CMSE 381 Code Portfolio Template

Contents

CMSE 381 Code Portfolio Template#

We provide this template to help you collect and organize useful code snippets as you go along with this course. For each day where we have an in-class jupyter notebook exercise, you should collect some snippets of code that you may reuse later. Having this growing portfolio will help you save time during in-class coding sessions and when you work on your final project - no need to fumble through every notebook again!

The general structure provided below serves as a starting point, not an exhaustive list of topics. You should add more sections as needed.

The code portfolio is not a required assignment. Ask your section instructor if and/or how you should submit it.

Basic Data Handing#

Cleaning data#

Below include some code snippets for:

  • replace missing data with NaN

  • get rid of rows with NaN

(Possible places to dig up the code: Day 1 Python Review)

# my snippets


How do drop a whole column of data?

(Possible places to dig up the code: Day 11 More Logistic Regression)

# my snippets

Data type conversion#

Convert some data to specific type, e.g. to intergers.

(Possible places to dig up the code: Day 1 Python Review)

# my snippets

Sometimes I may need to convert numbers to strings, because a qualitative variable was wrongly encoded numerically.

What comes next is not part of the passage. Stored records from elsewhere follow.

(* path v :: l in Gamma_n(G): all vertices generating, consecutive ones adjacent;
   its length is size l *)
Fixpoint adj_chain (n : nat) (v : tup n) (l : seq (tup n)) : Prop :=
  match l with
  | [::] => True
  | w :: l' => pr_adj v w /\ adj_chain w l'
  end.

Definition pr_path (n : nat) (v : tup n) (l : seq (tup n)) : Prop :=
  generating v /\ (forall w, List.In w l -> generating w) /\ adj_chain v l.

Definition dist_le (n : nat) (v w : tup n) (r : nat) : Prop :=
  exists l, size l <= r /\ pr_path v l /\ last v l = w.

(* (g_1, ..., g_n, 1, ..., 1) in G^m *)
Definition pad (n m : nat) (s : tup n) : tup m :=
  fun c => match @insub nat (fun x => x < n) _ (val c) with
           | Some c' => s c'
           | None => one G
           end.

Definition component (m : nat) (v0 : tup m) (w : tup m) : Prop :=
  exists r, dist_le v0 w r.

(* exponential growth of the component containing v0 (balls counted in the
   component, which is the same as in Gamma_m(G)) *)
Definition exp_growth (m : nat) (v0 : tup m) : Prop :=
  exists v, component v0 v /\ exists alpha : R, Rlt 1 alpha /\
    exists r0 : nat, forall r : nat, r0 <= r ->
      exists l : seq (tup m), List.NoDup l /\
        (forall w, List.In w l -> dist_le v w r) /\
        (Rle (pow alpha r) (INR (size l))).

Definition cube_prod (k : nat) (g : tup k) (e : {ffun 'I_k -> bool}) : G :=
  foldr (fun j acc => mul (if e j then g j else one G) acc) (one G) (enum 'I_k).

(* cubic: the 2^k products are pairwise distinct, i.e. the set of products
   has exactly 2^k elements *)
Definition cubic (k : nat) (g : tup k) : Prop := injective (cube_prod g).

End GroupDefs.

(Possible places to dig up the code: Day 7 Even More Linear Regression, Day 8 The Last of Linear Regression)

# my snippet

Extracting some variables from a large data frame#

Some snippets:

  • to get some rows

  • to some columns with specific names

(Possible places to dig up the code: Day 1 Python Review)

# my snippets


How about getting only the columns that are numeric variables?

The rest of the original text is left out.